A review by michaelacabus
The Man of Property by John Galsworthy

5.0

"Justice, there is no justice for men, for they are forever in the dark"

In some novels, the author's admiration for their creations is obvious; in varying degrees, a novelist will let you in on who is their favorite, sometimes annoyingly so (as much as I liked the Harry Potter books, the refrain of "Harry, Ron and Hermonie" that constantly began chapters became, dare I say, tiresome).

Here the reader doesn't get the sense that Galsworthy really admires any of his subjects, expect perhaps for Old Jolyon and Young Jolyon. It was at times reminiscent of Trollope's The way we live now; like that wonderful novel, it constructed a story that questioned ideas of principle at the basis of the upper class. Here, Galsworthy equates it all with property; indeed, a redemptive moment in the novel, when a character comes to a realization about his behavior and and a scope broader than himself, it is couched as behavior that it unpractical (and, hence, in the Forsyte parlance, useless).

Here we see the notion of property as principle taken to its extreme, and it is disquieting. For all the television shows on now that rely on some shock, and persistent violence, it is the quiet novels that come to a fore that, in my mind, are the most awakening and powerful. J.M. Coetze's novel Disgrace does the same, in almost the same manner: ideas of property and possession that seem sound but taken to their extreme are seen as the source of so much grief. We have that here, and its hard to see the character in the same way, hard to forgive him, even if he has that unpractical redemptive realization.

Must we always live forever in the dark, thus having any true sense of justice allude us? This seems to be the question of the novel and it hinges on our susceptibility to rigid ways of living, to purely self-interested pursuit.

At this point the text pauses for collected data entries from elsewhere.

(* Locked so that [simpl] keeps it folded in [eval] and [dterm] of [w_term]. *)
Definition rho_term : term R (m + 1) := locked
  (Add (Cst 1) (Mul (Cst (-1)) (sum_term (index_enum 'I_m)
    (fun i => Mul (Coord (lshift 1 i)) (Coord (lshift 1 i)))))).

Definition w_term : term R (m + 1) :=
  Add (Coord ilast) (Mul (Cst (-1)) (Mul (Pow (Coord ilast) alpha) (Pow rho_term beta))).

Lemma eval_rho_term (x : V) : eval rho_term x = rho x.
Proof.
rewrite /rho_term -lock /= eval_sum_term mulN1r /rho /sqnorm; congr (_ - _).
by apply: eq_bigr => i _; rewrite mxE.
Qed.

Lemma eval_w_term : eval w_term = w.
Proof. by apply/funext => x; rewrite wfunE /= eval_rho_term -xlastE mulN1r. Qed.

Lemma pow_bases_gt0_rho_term (x : V) : pow_bases_gt0 rho_term x.
Proof. by rewrite /rho_term -lock; do 2 split => //; apply: pow_bases_gt0_sum_term. Qed.

Lemma pow_bases_gt0_w_term (x : V) : Omega x -> pow_bases_gt0 w_term x.
Proof.
move=> Ox; have /OmegaE[t0 _] := Ox; rewrite /= -xlastE eval_rho_term.
by do !split => //; [exact: rho_gt0 | exact: pow_bases_gt0_rho_term].
Qed.

Lemma smooth_on_w : smooth_on (@Omega R n) w.
Proof. by rewrite -eval_w_term; apply: smooth_on_eval; exact: pow_bases_gt0_w_term. Qed.

Lemma differentiable_xlast (x : V) : differentiable (@xlast R n) x.
Proof.
have -> : @xlast R n = fun y : V => y 0 ilast by apply/funext => y; rewrite xlastE.
exact: differentiable_coord.
Qed.

Lemma differentiable_rho (x : V) : differentiable rho x.
Proof.
have -> : rho = eval rho_term by apply/funext => y; rewrite eval_rho_term.
exact/differentiable_eval/pow_bases_gt0_rho_term.
Qed.

Lemma continuous_rho_subX (x : V) : {for x, continuous (fun y => rho y - xlast y ^+ 2)}.
Proof.
apply/differentiable_continuous/differentiableB; first exact: differentiable_rho.
exact: (@differentiableX _ _ (@xlast R n) 1 x (differentiable_xlast x)).
Qed.

Lemma open_Omega : open (@Omega R n).
Proof.
have -> : @Omega R n = @xlast R n @^-1` [set y | 0 < y] `&`
    (fun x => rho x - xlast x ^+ 2) @^-1` [set y | 0 < y].
  by apply/seteqP; split => x /=; rewrite OmegaE subr_gt0.
apply: openI; apply: open_comp; try exact: open_gt.
- by move=> x _; exact/differentiable_continuous/differentiable_xlast.
- by move=> x _; exact: continuous_rho_subX.
Qed.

I'd intended to read the others in this series, with books 2 and 3 ready for me in audio book during my commute. The Forsyte's, so far, though, have proved to be like a side of your family (or in-laws) you are eager to hear about and perhaps gossip about, and visit briefly, but also feel a bit relieved when you board the airplane to go home. "The more I see of people", young Jolyon quips, "the more I am convinced that they are never good or bad – merely comic, or pathetic." Dickens believed in the good souls as lights of the world, in the midsts of the comic, or pathetic; and as much as I may agree with Young Jolyon's sentiments, if pressed for an absolute answer, I feel better under the illusion that the world is a bit more Dickensian, sometimes against all evidence to the contrary.